Problem details
Write out, please, the lines from the beginning of the material to the line with "the stack is", including both ends and nothing else.

Data extracts
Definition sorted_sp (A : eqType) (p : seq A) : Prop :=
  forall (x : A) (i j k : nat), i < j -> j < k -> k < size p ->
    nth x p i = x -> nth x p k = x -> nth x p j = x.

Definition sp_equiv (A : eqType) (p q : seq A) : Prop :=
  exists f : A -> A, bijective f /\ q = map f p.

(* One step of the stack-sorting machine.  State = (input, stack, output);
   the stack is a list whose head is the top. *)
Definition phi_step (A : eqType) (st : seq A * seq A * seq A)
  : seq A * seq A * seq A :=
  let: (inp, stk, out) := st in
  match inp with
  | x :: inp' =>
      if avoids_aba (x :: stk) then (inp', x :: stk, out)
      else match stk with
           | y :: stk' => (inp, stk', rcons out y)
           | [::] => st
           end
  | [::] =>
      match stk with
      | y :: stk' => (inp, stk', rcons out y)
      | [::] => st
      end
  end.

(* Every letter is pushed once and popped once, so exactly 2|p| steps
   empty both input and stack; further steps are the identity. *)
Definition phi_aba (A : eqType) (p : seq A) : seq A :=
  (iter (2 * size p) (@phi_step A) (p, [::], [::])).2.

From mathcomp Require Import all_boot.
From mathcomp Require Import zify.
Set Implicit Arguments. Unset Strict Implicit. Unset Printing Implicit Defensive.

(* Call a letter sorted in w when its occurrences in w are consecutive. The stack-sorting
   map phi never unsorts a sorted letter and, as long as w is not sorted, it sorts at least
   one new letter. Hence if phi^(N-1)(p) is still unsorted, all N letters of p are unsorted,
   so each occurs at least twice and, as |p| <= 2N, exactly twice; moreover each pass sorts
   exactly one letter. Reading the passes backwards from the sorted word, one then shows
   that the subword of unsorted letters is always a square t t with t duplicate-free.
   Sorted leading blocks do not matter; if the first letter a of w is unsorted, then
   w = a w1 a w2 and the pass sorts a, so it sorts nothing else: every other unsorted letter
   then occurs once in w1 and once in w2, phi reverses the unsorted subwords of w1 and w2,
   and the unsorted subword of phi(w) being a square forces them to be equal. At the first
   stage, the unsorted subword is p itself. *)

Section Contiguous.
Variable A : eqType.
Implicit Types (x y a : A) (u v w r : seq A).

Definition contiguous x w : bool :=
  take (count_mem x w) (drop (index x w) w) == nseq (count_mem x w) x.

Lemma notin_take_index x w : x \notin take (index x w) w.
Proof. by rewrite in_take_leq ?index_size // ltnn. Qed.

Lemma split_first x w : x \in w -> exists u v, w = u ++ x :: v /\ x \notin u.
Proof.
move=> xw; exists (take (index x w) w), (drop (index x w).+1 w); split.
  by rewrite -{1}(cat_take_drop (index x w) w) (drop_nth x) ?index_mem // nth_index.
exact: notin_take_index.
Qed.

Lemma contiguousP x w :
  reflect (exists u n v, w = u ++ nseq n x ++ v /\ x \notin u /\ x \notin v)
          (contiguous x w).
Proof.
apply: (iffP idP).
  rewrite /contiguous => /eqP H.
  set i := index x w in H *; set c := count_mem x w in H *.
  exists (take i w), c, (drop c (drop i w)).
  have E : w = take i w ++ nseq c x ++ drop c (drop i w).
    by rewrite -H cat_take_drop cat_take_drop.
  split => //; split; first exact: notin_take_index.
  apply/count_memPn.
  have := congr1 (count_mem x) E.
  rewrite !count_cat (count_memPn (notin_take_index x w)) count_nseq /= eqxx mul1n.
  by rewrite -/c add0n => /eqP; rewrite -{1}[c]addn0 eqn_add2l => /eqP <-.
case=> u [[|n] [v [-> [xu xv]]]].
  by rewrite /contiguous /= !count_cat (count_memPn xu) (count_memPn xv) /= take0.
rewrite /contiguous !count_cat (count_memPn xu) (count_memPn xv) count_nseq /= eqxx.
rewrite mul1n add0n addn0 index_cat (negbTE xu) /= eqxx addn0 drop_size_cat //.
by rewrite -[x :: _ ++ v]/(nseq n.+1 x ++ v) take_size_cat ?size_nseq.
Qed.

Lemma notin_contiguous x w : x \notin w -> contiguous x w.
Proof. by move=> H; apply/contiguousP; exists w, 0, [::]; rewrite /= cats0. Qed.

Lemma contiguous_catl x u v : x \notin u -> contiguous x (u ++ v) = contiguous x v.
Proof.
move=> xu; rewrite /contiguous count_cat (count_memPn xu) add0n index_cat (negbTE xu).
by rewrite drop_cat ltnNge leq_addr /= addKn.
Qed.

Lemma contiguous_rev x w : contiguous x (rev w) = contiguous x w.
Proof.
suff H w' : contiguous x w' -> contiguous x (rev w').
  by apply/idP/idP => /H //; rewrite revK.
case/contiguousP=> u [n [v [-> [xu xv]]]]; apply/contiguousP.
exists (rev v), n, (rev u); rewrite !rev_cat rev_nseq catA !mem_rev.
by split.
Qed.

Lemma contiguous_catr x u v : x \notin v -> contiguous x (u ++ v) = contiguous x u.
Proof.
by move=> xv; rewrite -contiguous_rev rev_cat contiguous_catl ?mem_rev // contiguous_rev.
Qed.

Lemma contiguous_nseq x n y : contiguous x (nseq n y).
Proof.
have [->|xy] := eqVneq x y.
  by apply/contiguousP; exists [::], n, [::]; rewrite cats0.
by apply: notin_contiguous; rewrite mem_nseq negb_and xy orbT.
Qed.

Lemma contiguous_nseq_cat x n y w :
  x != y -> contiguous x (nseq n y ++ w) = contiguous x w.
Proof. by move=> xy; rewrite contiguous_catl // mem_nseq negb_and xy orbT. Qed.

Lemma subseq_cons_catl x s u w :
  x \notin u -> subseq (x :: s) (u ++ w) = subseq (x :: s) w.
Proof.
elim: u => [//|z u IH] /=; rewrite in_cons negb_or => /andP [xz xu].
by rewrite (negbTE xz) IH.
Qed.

Answer to the problem
Definition sorted_sp (A : eqType) (p : seq A) : Prop :=
  forall (x : A) (i j k : nat), i < j -> j < k -> k < size p ->
    nth x p i = x -> nth x p k = x -> nth x p j = x.

Definition sp_equiv (A : eqType) (p q : seq A) : Prop :=
  exists f : A -> A, bijective f /\ q = map f p.

(* One step of the stack-sorting machine.  State = (input, stack, output);
   the stack is a list whose head is the top. *)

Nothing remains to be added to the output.